The results showed that those in the CG and SAD groups were more likely to have decreases in their gait balance and overall gait control. Students from the SCR group performed better on the walking test because they were not losing sleep. This allowed them to have a greater level of concentration and attention when completing this exercise.
The researchers concluded that sleep deprivation can affect the way you walk. Beyond walking, lack of sleep has also been shown to increase the risk of developing dementia and other chronic diseases, including diabetes and high blood pressure. Getting seven to eight hours of sleep each night can help you avoid gait problems and serious health problems over time. Fortunately, there are some simple ways you can do this naturally!

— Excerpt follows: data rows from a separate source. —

Lemma tanh_div_id_decreasing x y : 0 < x -> x < y -> tanh y / y < tanh x / x.
Proof.
intros hx hxy.
assert (hcoth : x * cosh x / sinh x < y * cosh y / sinh y).
{ apply (MVT_lt (fun t => t * cosh t / sinh t)
     (fun t => (sinh t * cosh t - t) / sinh t ^ 2)); [lra| |].
  - intros c hc; pose proof (sinh_pos c ltac:(lra)).
    pose proof (cosh_sq_sub_sinh_sq c).
    auto_derive; [lra|].
    field_simplify; [|lra..].
    replace (cosh c ^ 2) with (1 + sinh c ^ 2) by lra; field; lra.
  (* the numerator of the derivative is sinh (2c) / 2 - c *)
  - intros c hc; pose proof (sinh_pos c ltac:(lra)).
    pose proof (sinh_double c); pose proof (sinh_gt_id (2 * c) ltac:(lra)).
    apply Rdiv_lt_0_compat; nra. }
pose proof (sinh_pos x hx); pose proof (sinh_pos y ltac:(lra)).
pose proof (cosh_pos x); pose proof (cosh_pos y).
unfold tanh.
replace (sinh y / cosh y / y) with (/ (y * cosh y / sinh y)) by (field; lra).
replace (sinh x / cosh x / x) with (/ (x * cosh x / sinh x)) by (field; lra).
apply Rinv_lt_contravar; [|exact hcoth].
apply Rmult_lt_0_compat; apply Rdiv_lt_0_compat; nra.
Qed.

Lemma tanh_ratio_increasing a b h h' : 0 < a -> a < b -> 0 < h -> h < h' ->
  tanh (a * h) / tanh (b * h) < tanh (a * h') / tanh (b * h').
Proof.
intros ha hab hh hhh.
assert (hrat : forall t, 0 < t -> tanh (a * t) / tanh (b * t) =
  sinh (a * t) * cosh (b * t) / (cosh (a * t) * sinh (b * t))).
{ intros t ht; pose proof (sinh_pos (b * t) ltac:(nra)).
  pose proof (cosh_pos (a * t)); pose proof (cosh_pos (b * t)).
  unfold tanh; field; repeat split; lra. }
rewrite !hrat by lra.
apply (MVT_lt (fun t => sinh (a * t) * cosh (b * t) / (cosh (a * t) * sinh (b * t)))
              (fun t => (a * sinh (b * t) * cosh (b * t) - b * sinh (a * t) * cosh (a * t))
                          / (cosh (a * t) * sinh (b * t)) ^ 2)); [lra| |].
- intros c hc; pose proof (sinh_pos (b * c) ltac:(nra)); pose proof (cosh_pos (a * c)).
  pose proof (cosh_sq_sub_sinh_sq (a * c)); pose proof (cosh_sq_sub_sinh_sq (b * c)).
  auto_derive; [apply Rmult_integral_contrapositive; split; lra|].
  field_simplify; [|lra..].
  replace (cosh (a * c) ^ 2) with (1 + sinh (a * c) ^ 2) by lra.
  replace (cosh (b * c) ^ 2) with (1 + sinh (b * c) ^ 2) by lra.
  field; split; nra.
(* the numerator of the derivative is (a sinh (2bc) - b sinh (2ac)) / 2 *)
- intros c hc; pose proof (sinh_pos (b * c) ltac:(nra)); pose proof (cosh_pos (a * c)).
  pose proof (sinh_div_id_increasing (2 * (a * c)) (2 * (b * c)) ltac:(nra) ltac:(nra)) as hs.
  rewrite !sinh_double in hs.
  apply Rdiv_lt_0_compat; [|apply pow_lt; nra].
  assert (hac : 0 < a * c) by nra.
  apply (Rmult_lt_compat_r (a * c * b)) in hs; [|nra].
  replace (2 * sinh (a * c) * cosh (a * c) / (2 * (a * c)) * (a * c * b))
    with (b * sinh (a * c) * cosh (a * c)) in hs by (field; lra).
  replace (2 * sinh (b * c) * cosh (b * c) / (2 * (b * c)) * (a * c * b))
    with (a * sinh (b * c) * cosh (b * c)) in hs by (field; split; nra).
  lra.
Qed.

Lemma tanh_ge_of_ge t x : 0 <= t < 1 -> t / (1 - t) <= x -> t <= tanh x.
Proof.
intros ht hx.
assert (0 <= t / (1 - t)) by (apply Rdiv_le_0_compat; lra).
assert (hx' : t * (1 + x) <= x).
{ apply Rmult_le_compat_r with (r := 1 - t) in hx; [|lra].
  replace (t / (1 - t) * (1 - t)) with t in hx by (field; lra); nra. }
apply Rle_trans with (x / (1 + x)); [|apply div_1_add_le_tanh; lra].
apply Rmult_le_reg_r with (1 + x); [lra|].
replace (x / (1 + x) * (1 + x)) with x by (field; lra); lra.
Qed.

Lemma Omega_pos K h : 0 < K -> 0 < h -> 0 < Omega K h.
Proof.
intros hK hh; apply sqrt_lt_R0, Rmult_lt_0_compat; [lra|].
apply tanh_pos; nra.
Qed.

Lemma Omega_continuous K h : 0 < K -> 0 < h -> continuity_pt (Omega K) h.
Proof.
intros hK hh; apply derivable_continuous_pt, ex_derive_Reals_0.
pose proof (tanh_pos (K * h) ltac:(nra)); pose proof (cosh_pos (K * h)).
unfold Omega, tanh in *; auto_derive.
repeat split; [lra | now apply Rmult_lt_0_compat].
Qed.

Lemma Omega_le_K K K' h : 0 < K -> K <= K' -> 0 <= h -> Omega K h <= Omega K' h.
Proof.
intros hK hKK' hh; unfold Omega; apply sqrt_le_1_alt.
assert (0 <= tanh (K * h)) by (rewrite <- tanh_0; apply tanh_le; nra).
assert (tanh (K * h) <= tanh (K' * h)) by (apply tanh_le; nra).
nra.
Qed.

If you have trouble sleeping at night, try adding more light foods like kiwi, hemp seeds, and pistachios to your daily diet. These foods are rich in melatonin, the key hormone that helps regulate your sleep-wake cycle. Sticking to the same bedtime every night helps your body know when to start relaxing and feeling sleepy. Aim to be in bed by 10pm and make sure you fall asleep soundly. It's also a good idea not to look at your phone an hour before bed and not to mute incoming notifications, otherwise they could keep you up at night.